About a month ago I joined The Tree of Liberty forum. A libertarian site. I am Conservative.
http://www.thetreeofliberty.com/vb/index.php
My name there is Slide Rule.
I have posted (43 posts) to a thread on the TOL site about “NB Nuclear Plants: Emergencies at Ft. Calhoun and Cooper” my own views and experience, and a couple of your articles.
http://www.thetreeofliberty.com/vb/showthread.php?t=140786
There is a good deal of fear and generation of fear. Perhaps if there is a unusual or interesting perspective on that site, you would comment on AtomicInsights.com.

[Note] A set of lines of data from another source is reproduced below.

(* A window w : nat -> vec stores w j = x^(t-p+1+j) for j < p
   (entries j >= p are irrelevant).  One step computes
   x^(t+1) = sum_{j<p} (alpha_j F(x^(t+1-p+j)) + beta_j x^(t+1-p+j))
   and shifts the window. *)
Definition scli_step (p : nat) (alpha beta : 'I_p -> R) (F : vec -> vec)
    (w : nat -> vec) : nat -> vec :=
  fun j => if (j.+1 < p)%N then w j.+1
           else \sum_(i < p) (alpha i *: F (w i) + beta i *: w i).

(* x^(t) for t >= 0, given init j = x^(j-p+1) for j < p (requires p >= 1) *)
Definition scli_iterate (p : nat) (alpha beta : 'I_p -> R) (F : vec -> vec)
    (init : nat -> vec) (t : nat) : vec :=
  iter t (scli_step alpha beta F) init p.-1.

End Defs.

(* Every hard instance is one-dimensional: f(v) = lam/2 |v - r e0|^2 with 0 < lam <= l,
   on which the iterates stay on the line R e0 and follow the scalar recurrence
   x(t+p) = sum_i (alpha_i lam (x(t+i) - r) + beta_i x(t+i)).
   If sum beta <> 1, the recurrence has a constant solution y <> r, and the gap never
   decreases.  If sum beta = 1, take r = 0: a root z of the characteristic polynomial
   chi = X^p - sum_i (beta_i + lam alpha_i) X^i gives the solution Re (u z^t), whose gap
   at time T + p - 1 is of order lam D^2 min(1, |z|^(2(T+p-1))).  With lam ~ 1/T it
   remains to find a root with |z| >= 1 - K lam.  For sum alpha >= 0 there is a real root
   >= 1.  For sum alpha < 0, if all roots were in |z| <= 1 - K lam, the numbers
   w = 1/(1 - z) would lie in the disk k |w|^2 <= 2 Re w with k ~ 2 K lam, while sum w,
   sum w^2 and prod |w|^2 are fixed by chi(1) = - lam sum alpha, chi'(1) and chi''(1);
   for K large and lam small these constraints are incompatible. *)

From HB Require Import structures.
From mathcomp Require Import all_boot all_order all_algebra.
From mathcomp Require Import reals complex polyrcf ring lra zify.
Import Order.TTheory GRing.Theory Num.Theory.
Local Open Scope ring_scope.

Set Implicit Arguments. Unset Strict Implicit. Unset Printing Implicit Defensive.

Local Notation Re := complex.Re.
Local Notation Im := complex.Im.

Section ComplexSquaredNorm.
Variable R : rcfType.
Local Notation C := R[i].
Local Open Scope complex_scope.

Definition sqnormc (z : C) : R := Re z ^+ 2 + Im z ^+ 2.

Lemma sqnormc_ge0 (z : C) : 0 <= sqnormc z.
Proof. by rewrite addr_ge0 ?sqr_ge0. Qed.

Lemma sqnormcM (x y : C) : sqnormc (x * y) = sqnormc x * sqnormc y.
Proof. by case: x => a b; case: y => c d; rewrite /sqnormc /=; ring. Qed.

Lemma sqnormcX (z : C) k : sqnormc (z ^+ k) = sqnormc z ^+ k.
Proof.
elim: k => [|k IH]; last by rewrite !exprS sqnormcM IH.
by rewrite /sqnormc /= expr0n /= addr0 !expr1n.
Qed.

Lemma sqnormc_real (x : R) : sqnormc x%:C = x ^+ 2.
Proof. by rewrite /sqnormc /= expr0n /= addr0. Qed.

Lemma sqnormc_conj (z : C) : sqnormc z^* = sqnormc z.
Proof. by case: z => a b; rewrite /sqnormc /= sqrrN. Qed.

Lemma mulcJ_sqnormc (z : C) : z^* * z = (sqnormc z)%:C.
Proof. by case: z => a b; rewrite /sqnormc /=; congr Complex; ring. Qed.

Lemma sqnormc_prod (I : Type) (r : seq I) (F : I -> C) :
  sqnormc (\prod_(i <- r) F i) = \prod_(i <- r) sqnormc (F i).
Proof. by apply: (big_morph _ sqnormcM); rewrite sqnormc_real expr1n. Qed.

Lemma Re_sqr_le_sqnormc (z : C) : Re z ^+ 2 <= sqnormc z.
Proof. by rewrite lerDl sqr_ge0. Qed.

Lemma Re_realM (x : R) (z : C) : Re (x%:C * z) = x * Re z.
Proof. by case: z => a b /=; ring. Qed.

Lemma Re_sqr (z : C) : Re (z ^+ 2) = Re z ^+ 2 - Im z ^+ 2.
Proof. by case: z => a b /=; ring. Qed.

Lemma inv_1subc_disk (rho : R) (z : C) : 0 <= rho < 1 -> sqnormc z <= rho ^+ 2 ->
  0 < Re (1 - z)^-1 /\ (1 - rho ^+ 2) * sqnormc (1 - z)^-1 <= 2 * Re (1 - z)^-1.
Proof.
case: z => a b /andP[rho0 rho1]; rewrite /sqnormc /= !sub0r sqrrN mulNr opprK => hz.
have ha : a < 1 by nra.
set N := (1 - a) ^+ 2 + b ^+ 2.
have hN : 0 < N by rewrite /N; nra.
have -> : ((1 - a) / N) ^+ 2 + (b / N) ^+ 2 = N^-1.
  by move: hN; rewrite /N => /lt0r_neq0 hN; field.
split; first by apply: divr_gt0; lra.
rewrite mulrA ler_pM2r ?invr_gt0 //; nra.
Qed.

End ComplexSquaredNorm.

Section LogarithmicDerivative.
Variable F : fieldType.
Implicit Types (s : seq F) (x : F).

Lemma horner_deriv_prod_XsubC s x : x \notin s ->
  (\prod_(z <- s) ('X - z%:P))^`().[x] =
    \prod_(z <- s) (x - z) * \sum_(z <- s) (x - z)^-1.
Proof.
elim: s => [|a s IH]; first by rewrite !big_nil -polyC1 derivC horner0 mulr0.
rewrite inE negb_or => /andP[xa xs].
have xa0 : x - a != 0 by rewrite subr_eq0.
rewrite !big_cons; set Q := \prod_(z <- s) ('X - z%:P) in IH *.
rewrite derivM derivXsubC mul1r !(hornerXsubC, hornerD, hornerM) IH // horner_prod.
under eq_bigr do rewrite hornerXsubC.
by field.
Qed.

Lemma horner_deriv2_prod_XsubC s x : x \notin s ->
  (\prod_(z <- s) ('X - z%:P))^`(2).[x] =
    \prod_(z <- s) (x - z) *
      ((\sum_(z <- s) (x - z)^-1) ^+ 2 - \sum_(z <- s) ((x - z)^-1) ^+ 2).
Proof.
elim: s => [|a s IH]; first by rewrite !big_nil -polyC1 derivnC horner0 expr0n subrr mulr0.
rewrite inE negb_or => /andP[xa xs].
have xa0 : x - a != 0 by rewrite subr_eq0.
have Q1 := horner_deriv_prod_XsubC xs.
rewrite !big_cons; set Q := \prod_(z <- s) ('X - z%:P) in IH Q1 *.
rewrite /= derivM derivXsubC mul1r derivD derivM derivXsubC mul1r.
rewrite !(hornerXsubC, hornerD, hornerM) -[Q^`()^`()]/(Q^`(2)) IH // Q1.
by field.
Qed.

End LogarithmicDerivative.

Lemma sum_sqr_le_sqr_sum (R : realDomainType) (I : eqType) (r : seq I) (f : I -> R) :
  (forall i, i \in r -> 0 <= f i) -> \sum_(i <- r) f i ^+ 2 <= (\sum_(i <- r) f i) ^+ 2.
Proof.
elim: r => [|a r IH] hf; first by rewrite !big_nil expr0n.
rewrite !big_cons.
have fa : 0 <= f a by apply: hf; rewrite mem_head.
have hr : forall i, i \in r -> 0 <= f i by move=> i ir; apply: hf; rewrite inE ir orbT.
have sr : 0 <= \sum_(i <- r) f i by rewrite big_seq; apply: sumr_ge0 => i /hr.
have := IH hr; nra.
Qed.

Lemma ler_sum_seq_mem (R : realDomainType) (I : eqType) (r : seq I) (f : I -> R) i :
  i \in r -> (forall j, j \in r -> 0 <= f j) -> f i <= \sum_(j <- r) f j.
Proof.
elim: r => [|a r IH] //; rewrite inE big_cons => /orP[/eqP-> | ir] hf.
  by rewrite lerDl big_seq sumr_ge0 // => j jr; apply: hf; rewrite inE jr orbT.
apply: le_trans (IH ir _) _; first by move=> j jr; apply: hf; rewrite inE jr orbT.
by rewrite lerDr hf ?mem_head.
Qed.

I recognize and appreciate driven men. You Sir, are doing outstanding work.
Respectfully,
Al Moore
So it looks like Unit 3 blew up collapsing the fuel pool wall into the pool. This was not caused by the fuel pool blowing up, I believe it was from the reactor pressure vessel blowing up due to a massive hydrogen explosion inside the Unit 3 containment. The fuel found at the site was fuel from the Unit 3 reactor.
What are you talking about? The pressure vessel did not blow up and the hydrogen explosion occurred in the secondary containment – which was never designed to hold any pressure, not inside the containment. What fuel was found at the site? As far as I know, the only isotopes found outside the reactor buildings in concentrations higher than can be explained by the leftovers from atmospheric testing and nuclear weapons attacks in 1945 were noble gases and water soluble fission products.
Do you have any additional information from a reliable source?